Given information -
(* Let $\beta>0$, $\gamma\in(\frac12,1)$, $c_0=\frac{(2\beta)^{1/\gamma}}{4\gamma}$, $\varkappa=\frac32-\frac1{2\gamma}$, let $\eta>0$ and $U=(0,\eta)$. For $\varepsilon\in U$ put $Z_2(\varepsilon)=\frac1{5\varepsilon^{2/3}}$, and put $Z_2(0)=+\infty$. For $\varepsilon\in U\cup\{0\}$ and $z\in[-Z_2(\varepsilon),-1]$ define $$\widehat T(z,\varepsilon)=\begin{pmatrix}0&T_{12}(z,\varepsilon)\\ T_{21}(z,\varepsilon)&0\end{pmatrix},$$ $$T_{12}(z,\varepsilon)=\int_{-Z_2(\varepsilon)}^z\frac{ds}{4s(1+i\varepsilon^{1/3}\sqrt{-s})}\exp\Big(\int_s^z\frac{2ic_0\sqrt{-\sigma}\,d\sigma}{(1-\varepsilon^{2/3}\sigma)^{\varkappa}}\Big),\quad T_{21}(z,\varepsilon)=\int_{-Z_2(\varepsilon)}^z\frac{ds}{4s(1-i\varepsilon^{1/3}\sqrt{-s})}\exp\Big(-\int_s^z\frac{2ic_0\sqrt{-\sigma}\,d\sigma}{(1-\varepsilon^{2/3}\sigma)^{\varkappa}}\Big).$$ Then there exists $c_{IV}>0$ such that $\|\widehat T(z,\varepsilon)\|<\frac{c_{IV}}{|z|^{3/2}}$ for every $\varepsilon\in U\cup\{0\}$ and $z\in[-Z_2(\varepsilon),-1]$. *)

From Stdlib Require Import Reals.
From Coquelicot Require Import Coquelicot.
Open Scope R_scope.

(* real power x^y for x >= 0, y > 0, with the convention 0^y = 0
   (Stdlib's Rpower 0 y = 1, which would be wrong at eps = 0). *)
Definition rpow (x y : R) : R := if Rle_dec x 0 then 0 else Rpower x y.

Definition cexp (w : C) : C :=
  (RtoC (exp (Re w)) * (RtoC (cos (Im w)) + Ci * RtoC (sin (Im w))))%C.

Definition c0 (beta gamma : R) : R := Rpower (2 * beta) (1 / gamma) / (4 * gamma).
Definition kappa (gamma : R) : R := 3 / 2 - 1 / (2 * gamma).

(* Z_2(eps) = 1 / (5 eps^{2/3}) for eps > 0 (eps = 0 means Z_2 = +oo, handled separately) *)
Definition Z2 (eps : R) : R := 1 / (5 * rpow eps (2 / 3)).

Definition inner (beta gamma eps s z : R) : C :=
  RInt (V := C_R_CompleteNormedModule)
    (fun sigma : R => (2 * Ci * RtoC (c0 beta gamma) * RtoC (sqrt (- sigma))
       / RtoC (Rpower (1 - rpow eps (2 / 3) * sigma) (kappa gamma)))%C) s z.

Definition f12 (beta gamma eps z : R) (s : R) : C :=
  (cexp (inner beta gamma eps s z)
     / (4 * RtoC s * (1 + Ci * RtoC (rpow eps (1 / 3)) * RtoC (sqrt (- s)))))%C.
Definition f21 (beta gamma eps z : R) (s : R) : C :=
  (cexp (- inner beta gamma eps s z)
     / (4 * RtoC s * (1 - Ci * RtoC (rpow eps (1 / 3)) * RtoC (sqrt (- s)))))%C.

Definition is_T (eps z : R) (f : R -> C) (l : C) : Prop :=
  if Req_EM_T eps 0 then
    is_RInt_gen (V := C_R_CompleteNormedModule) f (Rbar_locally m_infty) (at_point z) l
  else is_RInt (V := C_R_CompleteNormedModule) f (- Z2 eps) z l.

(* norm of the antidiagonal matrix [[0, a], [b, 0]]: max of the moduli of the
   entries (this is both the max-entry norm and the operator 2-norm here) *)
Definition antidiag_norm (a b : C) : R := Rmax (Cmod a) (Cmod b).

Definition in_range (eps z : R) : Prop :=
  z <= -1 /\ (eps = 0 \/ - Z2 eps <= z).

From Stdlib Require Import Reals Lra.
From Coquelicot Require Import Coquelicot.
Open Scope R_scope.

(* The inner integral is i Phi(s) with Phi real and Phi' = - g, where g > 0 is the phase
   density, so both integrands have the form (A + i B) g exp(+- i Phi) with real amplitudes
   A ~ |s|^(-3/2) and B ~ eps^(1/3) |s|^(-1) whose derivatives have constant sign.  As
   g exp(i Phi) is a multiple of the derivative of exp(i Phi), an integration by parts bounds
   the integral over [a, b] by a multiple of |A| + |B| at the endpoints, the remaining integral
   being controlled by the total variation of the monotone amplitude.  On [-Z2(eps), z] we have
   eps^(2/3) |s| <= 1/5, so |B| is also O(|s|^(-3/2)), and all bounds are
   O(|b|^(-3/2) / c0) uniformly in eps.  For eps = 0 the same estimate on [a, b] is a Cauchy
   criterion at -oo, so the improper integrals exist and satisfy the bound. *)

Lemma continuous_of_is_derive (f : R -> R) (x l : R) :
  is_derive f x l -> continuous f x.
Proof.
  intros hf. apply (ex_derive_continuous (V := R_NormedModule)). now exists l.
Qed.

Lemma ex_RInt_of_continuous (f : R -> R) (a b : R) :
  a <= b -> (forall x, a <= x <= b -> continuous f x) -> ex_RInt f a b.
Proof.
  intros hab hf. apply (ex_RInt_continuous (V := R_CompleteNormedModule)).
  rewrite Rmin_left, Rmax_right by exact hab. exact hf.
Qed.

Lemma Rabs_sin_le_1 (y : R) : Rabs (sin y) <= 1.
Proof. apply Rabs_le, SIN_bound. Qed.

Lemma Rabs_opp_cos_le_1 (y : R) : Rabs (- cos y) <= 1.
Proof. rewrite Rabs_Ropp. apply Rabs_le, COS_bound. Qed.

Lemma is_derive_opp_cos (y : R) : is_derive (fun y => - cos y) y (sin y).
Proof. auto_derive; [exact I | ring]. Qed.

---

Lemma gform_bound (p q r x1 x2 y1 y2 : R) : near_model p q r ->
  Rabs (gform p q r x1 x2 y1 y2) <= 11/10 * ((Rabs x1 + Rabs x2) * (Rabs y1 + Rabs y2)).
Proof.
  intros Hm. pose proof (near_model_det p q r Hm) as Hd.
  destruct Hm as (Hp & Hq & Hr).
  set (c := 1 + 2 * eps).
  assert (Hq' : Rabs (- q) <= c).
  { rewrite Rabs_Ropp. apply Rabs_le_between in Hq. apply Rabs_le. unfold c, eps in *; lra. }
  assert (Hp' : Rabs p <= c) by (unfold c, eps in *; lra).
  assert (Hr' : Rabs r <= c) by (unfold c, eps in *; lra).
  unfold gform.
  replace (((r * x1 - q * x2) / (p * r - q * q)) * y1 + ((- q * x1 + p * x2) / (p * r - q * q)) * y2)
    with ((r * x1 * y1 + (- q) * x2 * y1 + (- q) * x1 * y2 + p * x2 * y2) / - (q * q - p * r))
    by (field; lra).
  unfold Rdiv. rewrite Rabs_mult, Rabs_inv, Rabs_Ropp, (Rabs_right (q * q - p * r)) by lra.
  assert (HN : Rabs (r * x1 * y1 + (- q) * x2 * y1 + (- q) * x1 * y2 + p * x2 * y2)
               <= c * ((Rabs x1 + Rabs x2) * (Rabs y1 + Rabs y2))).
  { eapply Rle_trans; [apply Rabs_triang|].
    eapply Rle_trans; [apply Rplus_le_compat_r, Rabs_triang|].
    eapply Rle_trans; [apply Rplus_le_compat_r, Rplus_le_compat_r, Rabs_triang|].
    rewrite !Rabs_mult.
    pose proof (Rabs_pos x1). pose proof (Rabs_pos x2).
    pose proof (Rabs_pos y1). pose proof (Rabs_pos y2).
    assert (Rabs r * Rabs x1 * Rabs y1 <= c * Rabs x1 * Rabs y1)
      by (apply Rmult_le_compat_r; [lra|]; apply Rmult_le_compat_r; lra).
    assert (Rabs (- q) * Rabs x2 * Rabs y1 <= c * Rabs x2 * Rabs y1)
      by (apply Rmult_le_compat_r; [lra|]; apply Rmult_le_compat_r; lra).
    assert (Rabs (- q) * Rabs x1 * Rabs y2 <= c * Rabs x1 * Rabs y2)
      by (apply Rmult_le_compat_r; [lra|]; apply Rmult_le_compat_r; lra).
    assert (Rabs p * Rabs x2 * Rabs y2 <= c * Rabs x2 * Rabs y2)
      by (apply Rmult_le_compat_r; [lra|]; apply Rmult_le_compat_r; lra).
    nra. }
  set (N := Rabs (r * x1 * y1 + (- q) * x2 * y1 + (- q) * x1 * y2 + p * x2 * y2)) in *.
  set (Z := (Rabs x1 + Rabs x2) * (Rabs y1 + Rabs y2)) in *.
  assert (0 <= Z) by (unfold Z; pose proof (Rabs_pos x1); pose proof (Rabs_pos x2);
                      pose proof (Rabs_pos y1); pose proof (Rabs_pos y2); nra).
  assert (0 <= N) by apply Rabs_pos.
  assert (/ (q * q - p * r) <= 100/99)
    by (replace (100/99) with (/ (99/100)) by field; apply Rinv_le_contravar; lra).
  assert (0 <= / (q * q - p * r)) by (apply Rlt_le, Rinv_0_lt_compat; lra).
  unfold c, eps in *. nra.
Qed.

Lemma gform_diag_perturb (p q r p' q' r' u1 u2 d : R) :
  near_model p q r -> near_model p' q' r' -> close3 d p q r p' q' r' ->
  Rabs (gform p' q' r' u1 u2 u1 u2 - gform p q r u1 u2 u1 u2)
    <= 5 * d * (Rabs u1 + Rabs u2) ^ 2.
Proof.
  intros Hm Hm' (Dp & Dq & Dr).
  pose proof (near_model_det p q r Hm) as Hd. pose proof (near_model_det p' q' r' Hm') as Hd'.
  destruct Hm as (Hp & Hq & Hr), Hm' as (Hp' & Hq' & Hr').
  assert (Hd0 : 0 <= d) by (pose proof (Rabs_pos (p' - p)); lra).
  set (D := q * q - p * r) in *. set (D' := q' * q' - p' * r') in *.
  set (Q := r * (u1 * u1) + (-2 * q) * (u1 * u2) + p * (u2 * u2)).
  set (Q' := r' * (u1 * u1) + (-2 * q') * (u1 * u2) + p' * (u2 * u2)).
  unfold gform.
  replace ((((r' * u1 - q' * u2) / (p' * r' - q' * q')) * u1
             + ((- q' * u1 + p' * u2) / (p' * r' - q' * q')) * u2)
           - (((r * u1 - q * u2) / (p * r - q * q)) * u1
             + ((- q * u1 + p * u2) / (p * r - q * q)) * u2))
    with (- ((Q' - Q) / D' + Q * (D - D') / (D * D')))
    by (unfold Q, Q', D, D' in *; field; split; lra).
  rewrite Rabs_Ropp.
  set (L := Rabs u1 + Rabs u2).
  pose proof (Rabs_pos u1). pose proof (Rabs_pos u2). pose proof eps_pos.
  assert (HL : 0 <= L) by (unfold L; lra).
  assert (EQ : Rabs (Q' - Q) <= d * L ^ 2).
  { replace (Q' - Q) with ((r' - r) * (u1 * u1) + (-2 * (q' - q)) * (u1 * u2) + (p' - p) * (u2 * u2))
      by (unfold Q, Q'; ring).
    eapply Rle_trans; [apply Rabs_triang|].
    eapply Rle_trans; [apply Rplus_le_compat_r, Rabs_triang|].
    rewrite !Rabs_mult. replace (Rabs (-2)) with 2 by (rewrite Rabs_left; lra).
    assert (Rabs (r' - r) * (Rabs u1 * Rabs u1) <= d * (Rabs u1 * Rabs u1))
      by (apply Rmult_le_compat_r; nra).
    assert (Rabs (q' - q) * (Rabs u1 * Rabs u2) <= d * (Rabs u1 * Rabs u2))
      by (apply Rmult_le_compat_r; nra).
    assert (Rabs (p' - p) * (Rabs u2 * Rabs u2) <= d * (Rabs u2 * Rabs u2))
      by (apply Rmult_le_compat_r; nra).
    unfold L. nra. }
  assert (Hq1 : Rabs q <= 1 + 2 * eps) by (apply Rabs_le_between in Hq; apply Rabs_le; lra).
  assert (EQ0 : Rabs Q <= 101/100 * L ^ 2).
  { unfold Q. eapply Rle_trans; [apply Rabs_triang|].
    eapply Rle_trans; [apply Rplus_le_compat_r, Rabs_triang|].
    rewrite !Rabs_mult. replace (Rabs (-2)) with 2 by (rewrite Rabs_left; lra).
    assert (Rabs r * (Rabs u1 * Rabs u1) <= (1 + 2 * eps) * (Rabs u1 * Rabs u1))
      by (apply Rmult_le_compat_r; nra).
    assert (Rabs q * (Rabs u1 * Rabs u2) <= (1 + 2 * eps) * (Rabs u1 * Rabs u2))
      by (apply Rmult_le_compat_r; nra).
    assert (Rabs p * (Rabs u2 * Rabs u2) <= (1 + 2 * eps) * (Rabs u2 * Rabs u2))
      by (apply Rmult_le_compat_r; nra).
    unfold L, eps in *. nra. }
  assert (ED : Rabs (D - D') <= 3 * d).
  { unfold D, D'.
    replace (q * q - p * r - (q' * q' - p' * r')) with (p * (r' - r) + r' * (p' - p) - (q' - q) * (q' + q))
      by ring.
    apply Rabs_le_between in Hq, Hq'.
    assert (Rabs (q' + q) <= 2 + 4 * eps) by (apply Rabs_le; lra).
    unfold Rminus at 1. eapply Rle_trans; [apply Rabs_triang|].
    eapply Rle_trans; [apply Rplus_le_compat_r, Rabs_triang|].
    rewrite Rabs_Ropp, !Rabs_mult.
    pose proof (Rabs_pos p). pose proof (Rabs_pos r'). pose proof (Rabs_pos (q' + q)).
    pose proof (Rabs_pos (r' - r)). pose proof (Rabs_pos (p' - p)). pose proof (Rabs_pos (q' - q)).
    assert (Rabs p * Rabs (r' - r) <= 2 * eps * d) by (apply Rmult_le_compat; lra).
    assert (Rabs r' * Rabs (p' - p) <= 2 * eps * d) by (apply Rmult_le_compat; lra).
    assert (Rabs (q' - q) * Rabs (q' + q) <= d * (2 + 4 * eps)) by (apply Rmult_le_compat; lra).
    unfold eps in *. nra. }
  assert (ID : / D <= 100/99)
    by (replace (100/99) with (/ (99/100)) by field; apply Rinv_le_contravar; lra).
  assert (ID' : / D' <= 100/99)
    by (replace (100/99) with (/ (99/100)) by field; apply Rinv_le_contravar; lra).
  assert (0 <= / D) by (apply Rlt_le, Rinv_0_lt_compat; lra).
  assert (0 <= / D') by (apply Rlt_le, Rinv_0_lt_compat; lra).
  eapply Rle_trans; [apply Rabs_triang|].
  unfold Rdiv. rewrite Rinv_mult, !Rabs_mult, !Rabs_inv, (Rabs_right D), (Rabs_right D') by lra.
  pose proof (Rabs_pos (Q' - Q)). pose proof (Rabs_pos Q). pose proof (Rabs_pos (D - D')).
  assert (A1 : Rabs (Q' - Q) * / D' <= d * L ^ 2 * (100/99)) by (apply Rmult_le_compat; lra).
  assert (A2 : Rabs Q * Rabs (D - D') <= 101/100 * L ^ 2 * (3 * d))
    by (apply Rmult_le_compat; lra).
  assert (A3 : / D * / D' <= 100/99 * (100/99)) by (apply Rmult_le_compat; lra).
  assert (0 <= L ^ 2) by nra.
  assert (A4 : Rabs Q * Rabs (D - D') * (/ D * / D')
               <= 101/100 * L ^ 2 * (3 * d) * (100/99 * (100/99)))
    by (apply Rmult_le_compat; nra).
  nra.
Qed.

Assignment - An exact copy of the lines above, from the one containing "pose proof (near_model_det p q r Hm) as Hd. pose" down to the one containing "set (D := q" and including both, is the whole answer; retype it and nothing else.

Expected answer -
  pose proof (near_model_det p q r Hm) as Hd. pose proof (near_model_det p' q' r' Hm') as Hd'.
  destruct Hm as (Hp & Hq & Hr), Hm' as (Hp' & Hq' & Hr').
  assert (Hd0 : 0 <= d) by (pose proof (Rabs_pos (p' - p)); lra).
  set (D := q * q - p * r) in *. set (D' := q' * q' - p' * r') in *.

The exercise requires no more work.